**Task item:**
Would you output the entries below only from the line containing "have := Hc t t0 s ltac:(lra)." through the line containing "move=> Hp Hm Hq1 Hq2.", exactly as they stand and with both ends included?

**Data supplied:**

(* Assume $\phi$ is convex and decreasing (i.e. $\phi(a)\ge\phi(b)$ whenever $a\le b$), and let $\mathbf{w}_{\mathrm{sup}}$ be a minimizer of $R_\phi$. Assume that for each $j=1,\dots,U$ the derivatives $\phi'(\mathbf{x}_{\mathrm{u},j}^\top\mathbf{w}_{\mathrm{sup}})$ and $\phi'(-\mathbf{x}_{\mathrm{u},j}^\top\mathbf{w}_{\mathrm{sup}})$ exist. Define $\mathbf{q}\in\mathbb{R}^U$ by $$q_j=\frac{\phi'(-\mathbf{x}_{\mathrm{u},j}^\top\mathbf{w}_{\mathrm{sup}})}{\phi'(\mathbf{x}_{\mathrm{u},j}^\top\mathbf{w}_{\mathrm{sup}})+\phi'(-\mathbf{x}_{\mathrm{u},j}^\top\mathbf{w}_{\mathrm{sup}})}$$ if the denominator is nonzero, and $q_j$ an arbitrary element of $[0,1]$ otherwise. Then $\mathbf{q}\in[0,1]^U$ and $\mathbf{w}_{\mathrm{sup}}$ is a minimizer of $R^{\mathrm{semi}}_\phi(\cdot,\mathbf{q})$. In particular $\mathbf{w}_{\mathrm{sup}}\in\mathcal{C}_\phi$.
   Context: Fix integers $L,U,d\ge 1$. Let $\mathbf{X}\in\mathbb{R}^{L\times d}$ be a matrix whose rows $\mathbf{x}_1^\top,\dots,\mathbf{x}_L^\top$ are the labeled objects, with labels $\mathbf{y}\in\{-1,+1\}^L$. Let $\mathbf{X}_{\mathrm{u}}\in\mathbb{R}^{U\times d}$ be a matrix whose rows $\mathbf{x}_{\mathrm{u},1}^\top,\dots,\mathbf{x}_{\mathrm{u},U}^\top$ are the unlabeled objects. Let $\phi:\mathbb{R}\to\mathbb{R}$ be a loss function, $\Omega:\mathbb{R}^d\to\mathbb{R}$ a convex function and $\lambda\ge 0$. The supervised risk is $R_\phi(\mathbf{w})=\sum_{i=1}^L\phi(y_i\mathbf{x}_i^\top\mathbf{w})+\lambda\Omega(\mathbf{w})$. For responsibilities $\mathbf{q}\in[0,1]^U$ the semi-supervised risk is $R^{\mathrm{semi}}_\phi(\mathbf{w},\mathbf{q})=R_\phi(\mathbf{w})+\sum_{j=1}^U\big[q_j\phi(\mathbf{x}_{\mathrm{u},j}^\top\mathbf{w})+(1-q_j)\phi(-\mathbf{x}_{\mathrm{u},j}^\top\mathbf{w})\big]$. The constraint set is $\mathcal{C}_\phi=\{\mathbf{w}\in\mathbb{R}^d:\ \exists\,\mathbf{q}\in[0,1]^U \text{ such that } \mathbf{w} \text{ minimizes } R^{\mathrm{semi}}_\phi(\cdot,\mathbf{q})\}$. *)

From Stdlib Require Import Reals.
From mathcomp Require Import ssreflect ssrfun ssrbool eqtype ssrnat fintype bigop.

Set Implicit Arguments.
Unset Strict Implicit.

Local Open Scope R_scope.

Definition vec (n : nat) := 'I_n -> R.

Definition dotp (n : nat) (x w : vec n) : R :=
  \big[Rplus/R0]_(k < n) (x k * w k).

Definition vadd (n : nat) (v w : vec n) : vec n := fun k => v k + w k.
Definition vscale (n : nat) (t : R) (v : vec n) : vec n := fun k => t * v k.

Definition convex_fun (f : R -> R) : Prop :=
  forall a b t, 0 <= t <= 1 -> f (t * a + (1 - t) * b) <= t * f a + (1 - t) * f b.

Definition convex_vfun (n : nat) (f : vec n -> R) : Prop :=
  forall v w t, 0 <= t <= 1 ->
    f (vadd (vscale t v) (vscale (1 - t) w)) <= t * f v + (1 - t) * f w.

Definition decreasing_fun (f : R -> R) : Prop := forall a b, a <= b -> f b <= f a.

Definition is_minimizer (n : nat) (F : vec n -> R) (w : vec n) : Prop :=
  forall v, F w <= F v.

Definition Rsup (L d : nat) (X : 'I_L -> vec d) (y : 'I_L -> R)
  (phi : R -> R) (Omega : vec d -> R) (lambda : R) (w : vec d) : R :=
  \big[Rplus/R0]_(i < L) phi (y i * dotp (X i) w) + lambda * Omega w.

Definition Rsemi (L U d : nat) (X : 'I_L -> vec d) (y : 'I_L -> R)
  (Xu : 'I_U -> vec d) (phi : R -> R) (Omega : vec d -> R) (lambda : R)
  (q : 'I_U -> R) (w : vec d) : R :=
  Rsup X y phi Omega lambda w +
  \big[Rplus/R0]_(j < U) (q j * phi (dotp (Xu j) w)
                          + (1 - q j) * phi (- dotp (Xu j) w)).

Definition Cset (L U d : nat) (X : 'I_L -> vec d) (y : 'I_L -> R)
  (Xu : 'I_U -> vec d) (phi : R -> R) (Omega : vec d -> R) (lambda : R)
  (w : vec d) : Prop :=
  exists q : 'I_U -> R, (forall j, 0 <= q j <= 1) /\
    is_minimizer (Rsemi X y Xu phi Omega lambda q) w.

(* For fixed q, the j-th unlabeled term t |-> q phi(t) + (1-q) phi(-t) is a convex
   function of t = x_{u,j}^T w, and the choice of q_j makes its derivative
   q_j phi'(t) - (1-q_j) phi'(-t) vanish at t = x_{u,j}^T w_sup.  A convex function
   lies above its tangent lines, so each unlabeled term is minimized at w_sup, as is
   the supervised part by assumption.  Since phi is decreasing, phi' <= 0, which is
   what makes q_j a convex weight. *)
From Stdlib Require Import Reals Lra.
From mathcomp Require Import ssreflect ssrfun ssrbool eqtype ssrnat fintype bigop.

Set Implicit Arguments.
Unset Strict Implicit.

Local Open Scope R_scope.

Lemma derivable_pt_lim_le_slope (f : R -> R) (x l k c : R) :
  derivable_pt_lim f x l -> k <> 0 ->
  (forall s, 0 < s <= 1 -> f (x + s * k) - f x <= s * c) ->
  l * k <= c.
Proof.
move=> Hd Hk Hbound.
(* If c < l k, then for small s the increment f (x + s k) - f x is close to
   s l k, hence exceeds s c. *)
apply: Rnot_lt_le => Hlt.
have Ha : 0 < Rabs k by apply: Rabs_pos_lt.
have He : 0 < (l * k - c) / (2 * Rabs k) by apply: Rdiv_lt_0_compat; lra.
have [del Hdel] := Hd _ He.
have Hdel0 := cond_pos del.
set s := Rmin 1 (del / (2 * Rabs k)).
have Hs0 : 0 < s by apply: Rmin_pos; [lra | apply: Rdiv_lt_0_compat; lra].
have Hs1 : s <= 1 by apply: Rmin_l.
have Hsk : s * Rabs k <= del / 2.
  have : s * Rabs k <= del / (2 * Rabs k) * Rabs k
    by apply: Rmult_le_compat_r; [lra | apply: Rmin_r].
  have -> : del / (2 * Rabs k) * Rabs k = del / 2 by field; lra.
  done.
have Hh : Rabs (s * k) = s * Rabs k by rewrite Rabs_mult Rabs_right; lra.
have Hh0 : s * k <> 0 by apply: Rmult_integral_contrapositive; split; lra.
have Hq := Hdel (s * k) Hh0 ltac:(lra).
have Hclose : Rabs (f (x + s * k) - f x - s * k * l) < s * (l * k - c) / 2.
  have -> : f (x + s * k) - f x - s * k * l
            = ((f (x + s * k) - f x) / (s * k) - l) * (s * k)
    by field; split; lra.
  rewrite Rabs_mult Hh.
  have := Rmult_lt_compat_r (s * Rabs k) _ _ ltac:(nra) Hq.
  have -> : (l * k - c) / (2 * Rabs k) * (s * Rabs k) = s * (l * k - c) / 2
    by field; lra.
  done.
have := Hbound s ltac:(lra).
move: Hclose => /Rabs_def2 [_]; nra.
Qed.

Lemma convex_fun_tangent_le (f : R -> R) (t0 l t : R) :
  convex_fun f -> derivable_pt_lim f t0 l -> f t0 + l * (t - t0) <= f t.
Proof.
move=> Hc Hd.
have [-> | Ht] := Req_dec t t0; first lra.
suff : l * (t - t0) <= f t - f t0 by lra.
apply: (derivable_pt_lim_le_slope Hd); first lra.
move=> s Hs.
have := Hc t t0 s ltac:(lra).
have -> : s * t + (1 - s) * t0 = t0 + s * (t - t0) by ring.
lra.
Qed.

Lemma decreasing_derivable_pt_lim_le0 (f : R -> R) (x l : R) :
  decreasing_fun f -> derivable_pt_lim f x l -> l <= 0.
Proof.
move=> Hdec Hd.
rewrite -(Rmult_1_r l).
apply: (derivable_pt_lim_le_slope Hd); first lra.
move=> s Hs; have := Hdec x (x + s * 1) ltac:(lra); lra.
Qed.

Lemma convex_fun_opp_arg (f : R -> R) :
  convex_fun f -> convex_fun (fun t => f (- t)).
Proof.
move=> Hc a b s Hs /=.
have -> : - (s * a + (1 - s) * b) = s * - a + (1 - s) * - b by ring.
exact: Hc.
Qed.

Lemma convex_fun_lincomb (f g : R -> R) (a b : R) :
  0 <= a -> 0 <= b -> convex_fun f -> convex_fun g ->
  convex_fun (fun t => a * f t + b * g t).
Proof.
move=> Ha Hb Hf Hg u v s Hs.
have := Rmult_le_compat_l a _ _ Ha (Hf u v s Hs).
have := Rmult_le_compat_l b _ _ Hb (Hg u v s Hs).
lra.
Qed.

Definition mixed_loss (phi : R -> R) (q t : R) : R :=
  q * phi t + (1 - q) * phi (- t).

Lemma mixed_loss_critical_min (phi : R -> R) (q t dp dm : R) :
  convex_fun phi -> 0 <= q <= 1 ->
  derivable_pt_lim phi t dp -> derivable_pt_lim phi (- t) dm ->
  q * dp = (1 - q) * dm ->
  forall t', mixed_loss phi q t <= mixed_loss phi q t'.
Proof.
move=> Hc Hq Hdp Hdm Hcrit t'.
have Hconv : convex_fun (mixed_loss phi q).
  apply: convex_fun_lincomb; [lra | lra | exact: Hc | exact: convex_fun_opp_arg].
have Hder : derivable_pt_lim (mixed_loss phi q) t (q * dp + (1 - q) * (dm * -1)).
  apply: derivable_pt_lim_plus; apply: derivable_pt_lim_scal; first exact: Hdp.
  apply: (derivable_pt_lim_comp Ropp phi); last exact: Hdm.
  exact: derivable_pt_lim_opp (derivable_pt_lim_id t).
have := convex_fun_tangent_le t' Hconv Hder.
have -> : q * dp + (1 - q) * (dm * -1) = 0 by lra.
lra.
Qed.

Lemma responsibility_weight (dp dm q : R) :
  dp <= 0 -> dm <= 0 ->
  (dp + dm <> 0 -> q = dm / (dp + dm)) ->
  (dp + dm = 0 -> 0 <= q <= 1) ->
  0 <= q <= 1 /\ q * dp = (1 - q) * dm.
Proof.
move=> Hp Hm Hq1 Hq2.
have [E | E] := Req_dec (dp + dm) 0.
  split; first exact: Hq2 E.
  have -> : dp = 0 by lra.
  have -> : dm = 0 by lra.
  ring.
rewrite (Hq1 E).
have Hn : 0 < - (dp + dm) by lra.
have -> : dm / (dp + dm) = - dm / - (dp + dm) by field.
split; last by field; lra.
split; first by apply: Rle_mult_inv_pos; lra.
apply: (Rmult_le_reg_r (- (dp + dm))) => //.
have -> : - dm / - (dp + dm) * - (dp + dm) = - dm by field; lra.
lra.
Qed.

Theorem lemma2 (L U d : nat) (X : 'I_L -> vec d) (y : 'I_L -> R)
  (Xu : 'I_U -> vec d) (phi : R -> R) (Omega : vec d -> R) (lambda : R)
  (Hy : forall i, y i = 1 \/ y i = -1)
  (HOmega : convex_vfun Omega) (Hlambda : 0 <= lambda)
  (Hconv : convex_fun phi) (Hdec : decreasing_fun phi)
  (wsup : vec d) (Hmin : is_minimizer (Rsup X y phi Omega lambda) wsup)
  (dp dm : 'I_U -> R)
  (Hdp : forall j, derivable_pt_lim phi (dotp (Xu j) wsup) (dp j))
  (Hdm : forall j, derivable_pt_lim phi (- dotp (Xu j) wsup) (dm j))
  (q : 'I_U -> R)
  (Hq1 : forall j, dp j + dm j <> 0 -> q j = dm j / (dp j + dm j))
  (Hq2 : forall j, dp j + dm j = 0 -> 0 <= q j <= 1) :
  (forall j, 0 <= q j <= 1) /\
  is_minimizer (Rsemi X y Xu phi Omega lambda q) wsup /\
  Cset X y Xu phi Omega lambda wsup.
Proof.
have Hweight j : 0 <= q j <= 1 /\ q j * dp j = (1 - q j) * dm j.
  apply: responsibility_weight _ _ (Hq1 j) (Hq2 j);
    exact: decreasing_derivable_pt_lim_le0 Hdec _.
have Hq j : 0 <= q j <= 1 by case: (Hweight j).
have Hsemi : is_minimizer (Rsemi X y Xu phi Omega lambda q) wsup.
  move=> v; apply: Rplus_le_compat; first exact: Hmin.
  elim/big_ind2: _ => [| ? ? ? ? | j _]; [exact: Rle_refl | exact: Rplus_le_compat |].
  have [Hqj Hcrit] := Hweight j.
  exact: (mixed_loss_critical_min Hconv Hqj (Hdp j) (Hdm j) Hcrit).
by split; [| split; [| exists q]].
Qed.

**Task result:**
have := Hc t t0 s ltac:(lra).
have -> : s * t + (1 - s) * t0 = t0 + s * (t - t0) by ring.
lra.
Qed.

Lemma decreasing_derivable_pt_lim_le0 (f : R -> R) (x l : R) :
  decreasing_fun f -> derivable_pt_lim f x l -> l <= 0.
Proof.
move=> Hdec Hd.
rewrite -(Rmult_1_r l).
apply: (derivable_pt_lim_le_slope Hd); first lra.
move=> s Hs; have := Hdec x (x + s * 1) ltac:(lra); lra.
Qed.

Lemma convex_fun_opp_arg (f : R -> R) :
  convex_fun f -> convex_fun (fun t => f (- t)).
Proof.
move=> Hc a b s Hs /=.
have -> : - (s * a + (1 - s) * b) = s * - a + (1 - s) * - b by ring.
exact: Hc.
Qed.

Lemma convex_fun_lincomb (f g : R -> R) (a b : R) :
  0 <= a -> 0 <= b -> convex_fun f -> convex_fun g ->
  convex_fun (fun t => a * f t + b * g t).
Proof.
move=> Ha Hb Hf Hg u v s Hs.
have := Rmult_le_compat_l a _ _ Ha (Hf u v s Hs).
have := Rmult_le_compat_l b _ _ Hb (Hg u v s Hs).
lra.
Qed.

Definition mixed_loss (phi : R -> R) (q t : R) : R :=
  q * phi t + (1 - q) * phi (- t).

Lemma mixed_loss_critical_min (phi : R -> R) (q t dp dm : R) :
  convex_fun phi -> 0 <= q <= 1 ->
  derivable_pt_lim phi t dp -> derivable_pt_lim phi (- t) dm ->
  q * dp = (1 - q) * dm ->
  forall t', mixed_loss phi q t <= mixed_loss phi q t'.
Proof.
move=> Hc Hq Hdp Hdm Hcrit t'.
have Hconv : convex_fun (mixed_loss phi q).
  apply: convex_fun_lincomb; [lra | lra | exact: Hc | exact: convex_fun_opp_arg].
have Hder : derivable_pt_lim (mixed_loss phi q) t (q * dp + (1 - q) * (dm * -1)).
  apply: derivable_pt_lim_plus; apply: derivable_pt_lim_scal; first exact: Hdp.
  apply: (derivable_pt_lim_comp Ropp phi); last exact: Hdm.
  exact: derivable_pt_lim_opp (derivable_pt_lim_id t).
have := convex_fun_tangent_le t' Hconv Hder.
have -> : q * dp + (1 - q) * (dm * -1) = 0 by lra.
lra.
Qed.

Lemma responsibility_weight (dp dm q : R) :
  dp <= 0 -> dm <= 0 ->
  (dp + dm <> 0 -> q = dm / (dp + dm)) ->
  (dp + dm = 0 -> 0 <= q <= 1) ->
  0 <= q <= 1 /\ q * dp = (1 - q) * dm.
Proof.
move=> Hp Hm Hq1 Hq2.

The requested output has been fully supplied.